Rebekah Petroff, a scientist who worked at the Federal Judicial Center, examines how judges frequently grapple with making definitive decisions based on uncertain scientific evidence.

In September 2023, I entered the Thurgood Marshall Federal Judicial Building for the first time, excited to start my new role.1 After a 10-month application process and two-week orientation, I was the lone American Association for the Advancement of Science science and technology policy fellow placed in the federal judicial branch. I had many ideas of what this year might bring, but, as a scientist with absolutely no legal background, first I had to simply learn about the judiciary.

For the rest of 2023, I attended Judicial Committee meetings, became familiar with Federal Rules and judicial policies, and immersed myself in the surprisingly fascinating world of law reviews. As my understanding of the judiciary grew, I realized my “science-centric” beliefs about the judiciary were not always aligned with reality. I had to fill a huge chasm of knowledge to realign my own ideology with the real world. To fill in missing pieces, I was determined to get inside the heads of people who knew much more than I did. With the support of my colleagues at the Federal Judicial Center (FJC), I had the opportunity to meet with seven current and retired federal judges to explore how they perceive and incorporate science in their courtrooms.

Meet the Judges

Collectively, the judges participating in this project had decades of legal expertise.2 Prior to sitting on the bench, they had spent 10 to 30 years practicing law, averaging 22 years. In their practice, each confirmed that they had regularly considered scientific evidence in cases, although the amount varied. For example, one judge noted that “no more than five percent” of their caseload as an attorney included scientific evidence, while another reported that scientific evidence was involved in 80 to 90 percent of the cases they worked on. This, however, changed once the judges were appointed to the federal bench.

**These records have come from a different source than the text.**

Lemma run_mass_diag_S n k :
  run_mass (S n) (S k) (S k) = run_mass n (S k) (S k) + / INR (S n) * run_mass n k k.
Proof.
  cbn [run_mass lead_mass]. rewrite lead_mass_eq0_len by (auto using run_mass_eq0_len).
  ring.
Qed.

Lemma run_mass_diag_pos n k : (k <= n)%nat -> 0 < run_mass n k k.
Proof.
  revert n. induction k as [|k IH]; intros n Hk.
  - rewrite run_mass_len0. simpl. lra.
  - destruct n as [|n]; [lia|]. rewrite run_mass_diag_S.
    pose proof (run_mass_nonneg n (S k) (S k)).
    assert (0 < / INR (S n) * run_mass n k k).
    { apply Rmult_lt_0_compat; [apply Rinv_0_lt_compat, lt_0_INR; lia | apply IH; lia]. }
    lra.
Qed.

(** * The law of D_n and part (i) *)

Lemma INR_mul_PD_S n d :
  INR (S n) * PD (S n) d = INR n * PD n d + match d with O => 0 | S d' => PD n d' end.
Proof.
  assert (HS : 0 < INR (S n)) by (apply lt_0_INR; lia).
  cbn [PD]. rewrite (S_INR n). rewrite S_INR in HS. destruct d; field; lra.
Qed.

Lemma INR_mul_PD_0 n : INR n * PD n 0 = 0.
Proof.
  induction n as [|n IH]; [rewrite INR_0; ring|]. rewrite INR_mul_PD_S, IH. ring.
Qed.

Lemma INR_mul_PD_run_mass n r : INR (S n) * PD (S n) (S r) = run_mass n r r.
Proof.
  revert r. induction n as [|n IH]; intros r.
  - rewrite INR_mul_PD_S, INR_0. destruct r; simpl; ring.
  - rewrite INR_mul_PD_S, IH. destruct r as [|r].
    + assert (H0 := INR_mul_PD_0 (S n)).
      assert (PD (S n) 0 = 0) as -> by (apply (Rmult_eq_reg_l (INR (S n))); [lra | apply not_0_INR; lia]).
      rewrite !run_mass_len0. simpl. ring.
    + rewrite run_mass_diag_S, <- (IH r). field. apply not_0_INR. lia.
Qed.

Lemma PD_sum n N : (n <= N)%nat -> sum_f_R0 (PD n) N = 1.
Proof.
  revert N. induction n as [|n IH]; intros N HN.
  - rewrite (sum_eq _ (fun d => if Nat.eqb d 0 then 1 else 0)) by reflexivity.
    apply sum_f_R0_indicator. lia.
  - destruct N as [|N]; [lia|].
    set (c := / INR (S n)).
    rewrite (sum_eq _ (fun d => PD n d * (1 - c) + match d with O => 0 | S d' => PD n d' * c end)).
    2: { intros [|d] _; cbn [PD]; unfold c; ring. }
    rewrite sum_plus, <- scal_sum, IH, decomp_sum by lia.
    simpl pred. rewrite <- scal_sum, IH by lia. ring.
Qed.

Lemma run_mass_one k d : run_mass 1 (S k) d = if Nat.eqb d 1 then 1 else 0.
Proof.
  change (run_mass 1 (S k) d) with (0 + lead_mass (run_mass 0) (/ INR 1) (S k) d).
  rewrite Rplus_0_l. simpl INR. rewrite Rinv_1.
  induction k as [|k IH]; [destruct d as [|[|d]]; simpl; ring|].
  change (lead_mass (run_mass 0) 1 (S (S k)) d) with
    (1 * (lead_mass (run_mass 0) 1 (S k) d + match d with O => 0 | S d' => run_mass 0 (S k) d' end)).
  rewrite IH. destruct d; simpl; ring.
Qed.

Lemma run_mass_limit n d : (1 <= n)%nat ->
  is_lim_seq (fun k => run_mass n k d) (INR n * PD n d).
Proof.
  intros Hn. revert d. induction n as [|n IH]; intros d; [lia|].
  destruct n as [|n].
  - rewrite INR_mul_PD_S, INR_0, Rmult_0_l, Rplus_0_l.
    apply (is_lim_seq_ext_loc (fun _ => match d with O => 0 | S d' => PD 0 d' end));
      [|apply is_lim_seq_const].
    exists 1%nat. intros [|k] Hk; [lia|]. rewrite run_mass_one.
    destruct d as [|[|d]]; simpl; ring.
  - rewrite INR_mul_PD_S.
    apply (is_lim_seq_plus' (fun k => run_mass (S n) k d)); [apply IH; lia|].
    replace (match d with O => 0 | S d' => PD (S n) d' end)
      with ((match d with O => 0 | S d' => INR (S n) * PD (S n) d' end) / (/ / INR (S (S n)) - 1)).
    + apply (affine_recursion_limit _ (fun k => match d with O => 0 | S d' => run_mass (S n) k d' end)).
      * split; [apply Rinv_0_lt_compat, lt_0_INR; lia|].
        rewrite <- Rinv_1. apply Rinv_lt_contravar.
        -- rewrite Rmult_1_l. apply lt_0_INR. lia.
        -- apply (lt_INR 1). lia.
      * intros k. reflexivity.
      * destruct d as [|d]; [apply is_lim_seq_const | apply IH; lia].
    + rewrite Rinv_inv, (S_INR (S n)).
      assert (0 < INR (S n)) by (apply lt_0_INR; lia).
      destruct d; field; lra.
Qed.

Lemma theta1_limit n : (1 <= n)%nat -> is_lim_seq (fun k => theta1 n k) (INR n).
Proof.
  intros Hn.
  apply (is_lim_seq_ext_loc (fun k => sum_f_R0 (run_mass n k) n)).
  - exists n. intros k Hk. rewrite theta1_run_mass. symmetry.
    apply sum_f_R0_trunc; [intros; apply run_mass_eq0_values|]; lia.
  - replace (INR n) with (sum_f_R0 (fun d => INR n * PD n d) n).
    + apply is_lim_seq_sum_f_R0. intros d _. apply run_mass_limit. exact Hn.
    + rewrite (sum_eq _ (fun d => PD n d * INR n)) by (intros; ring).
      rewrite <- scal_sum, PD_sum by lia. ring.
Qed.

Lemma PkminusS_limit n l : (1 <= n)%nat -> is_lim_seq (fun k => PkminusS n k l) (PD n l).
Proof.
  intros Hn.
  apply (is_lim_seq_ext_loc (fun k => run_mass n k l / theta1 n k)).
  - exists l. intros k Hk. unfold PkminusS, PS.
    rewrite (proj2 (Nat.leb_le l k)), theta_coef_run_mass, (proj2 (Nat.leb_le (k - l) k)) by lia.
    replace (k - (k - l))%nat with l by lia. reflexivity.
  - assert (HnR : INR n <> 0) by (apply not_0_INR; lia).
    replace (PD n l) with (INR n * PD n l / INR n) by (field; exact HnR).
    apply is_lim_seq_div'; [apply run_mass_limit | apply theta1_limit | ]; assumption.
Qed.

Lemma PD_law n l : (1 <= l <= n)%nat -> PD n l = zeta1 (n - 1) (l - 1) / INR n.
Proof.
  intros Hl. destruct n as [|n], l as [|r]; try lia.
  rewrite zeta1_run_mass, !Nat.sub_succ, !Nat.sub_0_r, <- INR_mul_PD_run_mass.
  field. apply not_0_INR. lia.
Qed.

(** * Part (ii) *)

(* The diagonal gains [run_mass n K K / (n + 1) >= run_mass K K K / (n + 1)] at each step,
   so it grows at least like a tail of the harmonic series. *)
Lemma run_mass_diag_diverges K : is_lim_seq (fun n => run_mass n (S K) (S K)) p_infty.
Proof.
  set (H := sum1n (fun a => / INR a)).
  set (c0 := run_mass K K K).
  assert (Hc0 : 0 < c0) by (apply run_mass_diag_pos; lia).
  assert (Hbound : forall p, c0 * (H (K + p)%nat - H K) <= run_mass (K + p) (S K) (S K)).
  { induction p as [|p IH].
    - rewrite Nat.add_0_r, Rminus_diag, Rmult_0_r. apply run_mass_nonneg.
    - rewrite Nat.add_succ_r, run_mass_diag_S. unfold H. cbn [sum1n]. fold H.
      assert (c0 * / INR (S (K + p)) <= / INR (S (K + p)) * run_mass (K + p) K K).
      { rewrite Rmult_comm. apply Rmult_le_compat_l; [apply inv_INR_nonneg|].
        apply run_mass_mono. lia. }
      lra. }
  apply (is_lim_seq_le_p_loc (fun n => c0 * (H n - H K))).
  - exists K. intros n Hn. replace n with (K + (n - K))%nat by lia. apply Hbound.
  - apply (is_lim_seq_mult _ _ c0 p_infty); [apply is_lim_seq_const | |].
    + apply (is_lim_seq_minus _ _ p_infty (H K)); [apply harmonic_diverges | apply is_lim_seq_const | reflexivity].
    + apply is_Rbar_mult_sym, is_Rbar_mult_p_infty_pos. exact Hc0.
Qed.

Lemma lead_mass_ratio_vanishes K d :
  (forall j d', (j <= K)%nat -> (d' < K)%nat ->
     is_lim_seq (fun n => run_mass n j d' / run_mass n K K) 0) ->
  (d < S K)%nat -> forall j, (j <= S K)%nat ->
  is_lim_seq (fun n => lead_mass (run_mass n) (/ INR (S n)) j d / (/ INR (S n) * run_mass n K K)) 0.
Proof.
  intros Hratio Hd j. induction j as [|j IH]; intros Hj.
  - apply (is_lim_seq_ext (fun _ => 0)); [intros n; simpl; unfold Rdiv; ring | apply is_lim_seq_const].
  - apply (is_lim_seq_ext_loc (fun n =>
      match d with O => 0 | S d' => run_mass n j d' / run_mass n K K end
      + / INR (S n) * (lead_mass (run_mass n) (/ INR (S n)) j d / (/ INR (S n) * run_mass n K K)))).
    + exists K. intros n Hn. cbn [lead_mass].
      assert (0 < run_mass n K K) by (apply run_mass_diag_pos; lia).
      assert (0 < INR (S n)) by (apply lt_0_INR; lia).
      destruct d; field; lra.
    + replace (Finite 0) with (Finite (0 + 0 * 0)) by (f_equal; ring).
      apply is_lim_seq_plus'.
      * destruct d as [|d']; [apply is_lim_seq_const | apply Hratio; lia].
      * apply is_lim_seq_mult'; [apply is_lim_seq_inv_INR_S | apply IH; lia].
Qed.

The judges served on the federal bench for an average of 24 years, ranging from 15 to 38 years. During their tenure as judges, all reported they regularly decided on the admissibility of scientific evidence. Some judges reported lower amounts of scientific evidence in their cases, ranging around 20 to 40 percent. One judge stated that this number was high — “too high to put a number on it.” Each judge had a different experience with science, both as a practicing attorney and while sitting on the bench, but all recognized the inherent presence that science had in the courtroom.

Our conversations were fun and informative and ended up traversing many topics across various types of science in both criminal and civil court cases. While we certainly talked about the day-to-day of their dealings with scientific evidence in criminal and civil cases, Daubert hearings, and related Federal Rules of Evidence, we also chatted about the similarities and differences between science and law, how the judges have shaped their own practices, and tiny treasures of knowledge they want other judges to know.

A Scientist Walks Up to the Bench — And It’s Not the Laboratory Bench

As a scientist, I have an in-depth understanding of how science works; the same could not be said of the law. We scientists are trained to follow the scientific method to gradually reduce uncertainty around facts about our natural world. As a result of this iterative process, scientists are never truly certain. We are quite fine with not absolutely knowing the facts. All we can ever say is that, for these conditions, in this exact experiment, the evidence suggests one version of the truth. We then weigh evidence over time. With enough evidence, we can develop theories, like that of the theory of relativity, which first described gravity. But even theories that are widely accepted and supported by strong evidence are continually reassessed. For example, quantum mechanics has usurped the theory of relativity; the equations we use to describe gravity simply don’t work in the world of quantum mechanics.

Still, I recognize that, as humans, we naturally look for certainty — I know I do in my daily life. Coming into my role at the FJC, I naively thought that one of the goals of the judiciary was to find certainty in matters of the law, as even the most contentious cases are decided one way or the other.

How wrong I was.

In my conversations with the judges, they all pointed out that the law is no different than real life. Even though we may be searching for certainty, there is very little in life (or in a courtroom) of which we can ever be truly certain. As best put by one judge, “There’s uncertainty in almost all circumstances, and one of the things that I’ve learned as a judge is there are virtually always two sides to the story.”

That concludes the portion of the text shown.